● **Work to complete**:
From the first line of the records through the line containing "(forall i j, blk_ord", retype every line exactly and nothing else.

● **Data for this exercise**:
□ □ □ □

(* The entrywise content of the linearised relations J_k^2 = 1 and
   (J_k + 1)(J_l + 1) = 0 (k <> l), see tangent_Flag_eqs. *)
Definition base_tangent (W : 'I_d.+1 -> 'M[R]_n) : Prop :=
  (forall k i j, jsign k i = jsign k j -> W k i j = 0) /\
  (forall i j, blk_ord i != blk_ord j -> W (blk_ord i) i j = - W (blk_ord j) i j).

Lemma base_tangent_of_eqs W :
  (forall k, W k *m J k + J k *m W k = 0) ->
  (forall k l, k != l -> W k *m (J l + 1%:M) + (J k + 1%:M) *m W l = 0) ->
  base_tangent W.
Proof.
move=> anti shift; split=> [k i j eqij | i j ij].
  have /matrixP/(_ i j) := anti k.
  rewrite [LHS]mxE mulmxJ mulJmx [RHS]mxE -eqij /jsign.
  by case: ifP => _; lra.
have /matrixP/(_ i j) := shift _ _ ij.
rewrite mulmxDr mulmx1 mulmxDl mul1mx [LHS]mxE [X in X + _]mxE [X in _ + X]mxE.
by rewrite mulmxJ mulJmx [RHS]mxE !jsign_blk; lra.
Qed.

Lemma tangent_Flag_conj {U P W} : U *m U^T = 1%:M -> tangent_Flag R ns n P W ->
  tangent_Flag R ns n (fun k => U *m P k *m U^T) (fun k => U *m W k *m U^T).
Proof.
move=> UUT [g [gd gF g0 gW]].
have dg k (s : R) : is_derive s 1 (g k) (derive1 (g k) s).
  by rewrite derive1E; exact: derivableP.
exists (fun k s => U *m g k s *m U^T); split=> [k s | s | k | k].
- by apply: ex_derive; apply: is_derive_eq.
- have [V [VVT gV]] := gF s; exists (U *m V); split=> [|k].
    by rewrite /orthogonal_mx trmx_mul mulmxA -(mulmxA U) VVT mulmx1.
  by rewrite gV trmx_mul !mulmxA.
- by rewrite g0.
- by rewrite derive1E derive_val gW mul0mx add0r mulmx0 addr0.
Qed.

Lemma tangent_Flag_base_tangent U W : U *m U^T = 1%:M ->
  tangent_Flag R ns n (fun k => U *m J k *m U^T) W ->
  base_tangent (fun k => U^T *m W k *m U).
Proof.
move=> UUT; have UTU : U^T *m U^T^T = 1%:M by rewrite trmxK mulmx1C.
move/(tangent_Flag_conj UTU); rewrite trmxK.
have -> : (fun k => U^T *m (U *m J k *m U^T) *m U) = J.
  apply/funext => k.
  by rewrite !mulmxA (mulmx1C UUT) mul1mx -mulmxA (mulmx1C UUT) mulmx1.
by case/tangent_Flag_eqs; exact: base_tangent_of_eqs.
Qed.

Lemma tangent_Flag_rotation {r s} : r != s ->
  tangent_Flag R ns n J (fun k => mxcomm (delta_mx r s - delta_mx s r) (J k)).
Proof.
move=> rs; set A := delta_mx r s - delta_mx s r.
have sr : s != r by rewrite eq_sym.
have AT : A^T = - A by rewrite /A linearB /= !trmx_delta opprB.
have A3 : A *m A *m A = - A.
  rewrite /A !mulmxBl !mulmxBr !mul_delta_mx !mul_delta_mx_0 // sub0r subr0.
  by rewrite !mulNmx !mul_delta_mx !mul_delta_mx_0 // oppr0 subr0 sub0r opprK opprB addrC.
have dG k (t : R) :
    is_derive t 1 (fun u => rotation_curve A u *m J k *m (rotation_curve A u)^T)
      (rotation_curve A t *m (0 + A *m J k - J k *m A) *m (rotation_curve A t)^T).
  exact: is_derive_conjmx AT (is_derive_rotation_curve _ A3 t) (is_derive_cst (J k) t 1).
exists (fun k t => rotation_curve A t *m J k *m (rotation_curve A t)^T).
split=> [k t | t | k | k].
- by case: (dG k t).
- by exists (rotation_curve A t); split=> //; exact: rotation_curve_orthogonal.
- by rewrite rotation_curve0 trmx1 mulmx1 mul1mx.
- rewrite derive1E; case: (dG k 0) => _ ->.
  by rewrite rotation_curve0 trmx1 mul1mx mulmx1 add0r.
Qed.

Lemma jsign_eq k i j : blk_ord i = blk_ord j -> jsign k i = jsign k j.
Proof. by rewrite /jsign => ->. Qed.

(* For a base tangent vector W, this matrix records W completely. *)
Definition blk_collapse (W : 'I_d.+1 -> 'M[R]_n) : 'M[R]_n :=
  \matrix_(i, j) W (blk_ord j) i j.

Lemma frob_sum_base_tangent (M W : 'I_d.+1 -> 'M[R]_n) : base_tangent W ->
  \sum_k frob R n (M k) (W k) =
  frob R n (piblk R ns n (\matrix_(i, j) (M (blk_ord j) i j - M (blk_ord i) i j)))
    (blk_collapse W).
Proof.
case=> W0 Wanti; rewrite /frob exchange_big; apply: eq_bigr => i _.
rewrite exchange_big; apply: eq_bigr => j _; rewrite !mxE -eq_blk_ord.
have [ij | ij] := eqVneq (blk_ord i) (blk_ord j).
  by rewrite mul0r big1 // => k _; rewrite W0 ?mulr0 //; exact: jsign_eq.
have ji : blk_ord j != blk_ord i by rewrite eq_sym.
rewrite (bigD1 (blk_ord j)) // (bigD1 (blk_ord i)) //=.
rewrite big1 ?addr0 => [|k /andP[kj ki]].
  by rewrite Wanti //; ring.
by rewrite W0 ?mulr0 // (jsign_other ki) (jsign_other kj).
Qed.

Lemma piblkE (A : 'M[R]_n) i j :
  piblk R ns n A i j = if blk ns n i == blk ns n j then 0 else A i j.
Proof. by rewrite mxE. Qed.

Definition blk_offdiag (A : 'M[R]_n) : Prop :=
  forall i j, blk ns n i = blk ns n j -> A i j = 0.

(* V^T Y_k' V for Y_k = V [X, J_k] V^T, where L = V^T V' and X' is the
   derivative of X. *)
Definition base_derivative (L X X' : 'M[R]_n) k :=
  mxcomm X' (J k) + mxcomm L (mxcomm X (J k)).

Lemma piblk_base_derivative L X X' : blk_offdiag L -> blk_offdiag X ->
  piblk R ns n (\matrix_(i, j)
    (base_derivative L X X' (blk_ord j) i j -
     base_derivative L X X' (blk_ord i) i j)) =
  2 *: piblk R ns n (2 *: X' + mxcomm L X).
Proof.
move=> L0 X0; apply/matrixP => i j.
rewrite [RHS]mxE !piblkE -eq_blk_ord.
have [_ | ij] := eqVneq (blk_ord i) (blk_ord j); first by rewrite mulr0.
rewrite [LHS]mxE [X in _ * X]mxE.
have ji : blk_ord j != blk_ord i by rewrite eq_sym.
have entry k : base_derivative L X X' k i j = X' i j * (jsign k j - jsign k i) +
    \sum_u (L i u * X u j * (jsign k j - jsign k u) -
            X i u * L u j * (jsign k u - jsign k i)).
  rewrite /base_derivative [LHS]mxE mxcommJ mxcommE; congr (_ + _).
  by apply: eq_bigr => u _; rewrite !mxcommJ; ring.
rewrite !entry !jsign_blk (jsign_other ij) (jsign_other ji).
rewrite opprD addrACA -sumrB mxcommE.
rewrite [(2 *: X') i j]mxE [in RHS]mulrDr mulr_sumr; congr (_ + _); first ring.
apply: eq_bigr => u _.
have [/(congr1 val) iu | iu] := eqVneq (blk_ord i) (blk_ord u).
  by rewrite (L0 i u iu) (X0 i u iu); ring.
have [/(congr1 val) uj | uj] := eqVneq (blk_ord j) (blk_ord u).
  by rewrite (L0 u j (esym uj)) (X0 u j (esym uj)); ring.
by rewrite (jsign_other iu) (jsign_other uj); ring.
Qed.

Lemma blk_collapse_comm (A : 'M[R]_n) :
  blk_collapse (fun k => mxcomm A (J k)) = 2 *: piblk R ns n A.
Proof.
apply/matrixP => i j.
rewrite [LHS]mxE [RHS]mxE piblkE mxcommJ jsign_blk -eq_blk_ord.
have [ij | ji] := eqVneq (blk_ord i) (blk_ord j).
  by rewrite -ij jsign_blk subrr !mulr0.
by rewrite eq_sym in ji; rewrite (jsign_other ji); ring.
Qed.

Lemma frob_piblk (M N : 'M[R]_n) :
  frob R n (piblk R ns n M) (piblk R ns n N) = frob R n (piblk R ns n M) N.
Proof.
apply: eq_bigr => i _; apply: eq_bigr => j _.
by rewrite !piblkE; case: ifP; rewrite ?mul0r.
Qed.

End FlagTangent.

Section ParallelTransport.
Context {R : realType} {ns : seq nat} {n : nat} {V X : R -> 'M[R]_n}.
Local Notation J := (Jmat R ns n).
Implicit Types t : R.
Hypotheses (V_orth : forall t, orthogonal_mx R n (V t))
  (V_der : forall t, derivable V t 1)
  (Lam_offdiag : forall t, blk_offdiag R ns n ((V t)^T *m derive1 V t))
  (X_skew : forall t, skew_mx R n (X t))
  (X_der : forall t, derivable X t 1)
  (X_offdiag : forall t, blk_offdiag R ns n (X t)).

Let Lam t := (V t)^T *m derive1 V t.
Let defect t := 2 *: derive1 X t + mxcomm (Lam t) (X t).

Lemma is_derive_V t : is_derive t 1 V (V t *m Lam t).
Proof. by rewrite /Lam mulmxA V_orth mul1mx derive1E; exact: derivableP. Qed.

Lemma Lam_skew t : (Lam t)^T = - Lam t.
Proof.
rewrite /Lam derive1E; apply: orthogonal_curve_skew (derivableP (V_der t)) _ => s.
exact/mulmx1C/V_orth.
Qed.

Lemma derive_Y t k :
  derive1 (fun s => V s *m mxcomm (X s) (J k) *m (V s)^T) t =
  V t *m base_derivative R ns n (Lam t) (X t) (derive1 X t) k *m (V t)^T.
Proof.
have dX : is_derive t 1 X (derive1 X t) by rewrite derive1E; exact: derivableP.
have dK : is_derive t 1 (fun s => mxcomm (X s) (J k)) (mxcomm (derive1 X t) (J k)).
  by apply: is_derive_eq; rewrite mulmx0 mul0mx addr0 add0r.
rewrite derive1E; case: (is_derive_conjmx (Lam_skew t) (is_derive_V t) dK) => _ ->.
by rewrite /base_derivative /mxcomm addrA.
Qed.

Lemma frob_derive_Y {t W} :
  tangent_Flag R ns n (fun k => V t *m J k *m (V t)^T) W ->
  frob_tuple R (size ns) n
    (fun k => derive1 (fun s => V s *m mxcomm (X s) (J k) *m (V s)^T) t) W =
  2 * frob R n (piblk R ns n (defect t))
        (blk_collapse R ns n (fun k => (V t)^T *m W k *m V t)).
Proof.
move=> tW; have VTV := mulmx1C (V_orth t).
have WE k : W k = V t *m ((V t)^T *m W k *m V t) *m (V t)^T.
  by rewrite !mulmxA V_orth mul1mx -mulmxA V_orth mulmx1.
rewrite /frob_tuple; under eq_bigr => k _ do rewrite derive_Y [W k]WE frob_conjmx //.
rewrite frob_sum_base_tangent; last exact: tangent_Flag_base_tangent (V_orth t) tW.
by rewrite piblk_base_derivative ?frobZl //; exact: Lam_offdiag.
Qed.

□ □ □ □

● **Response to the task**:
(* The entrywise content of the linearised relations J_k^2 = 1 and
   (J_k + 1)(J_l + 1) = 0 (k <> l), see tangent_Flag_eqs. *)
Definition base_tangent (W : 'I_d.+1 -> 'M[R]_n) : Prop :=
  (forall k i j, jsign k i = jsign k j -> W k i j = 0) /\
  (forall i j, blk_ord i != blk_ord j -> W (blk_ord i) i j = - W (blk_ord j) i j).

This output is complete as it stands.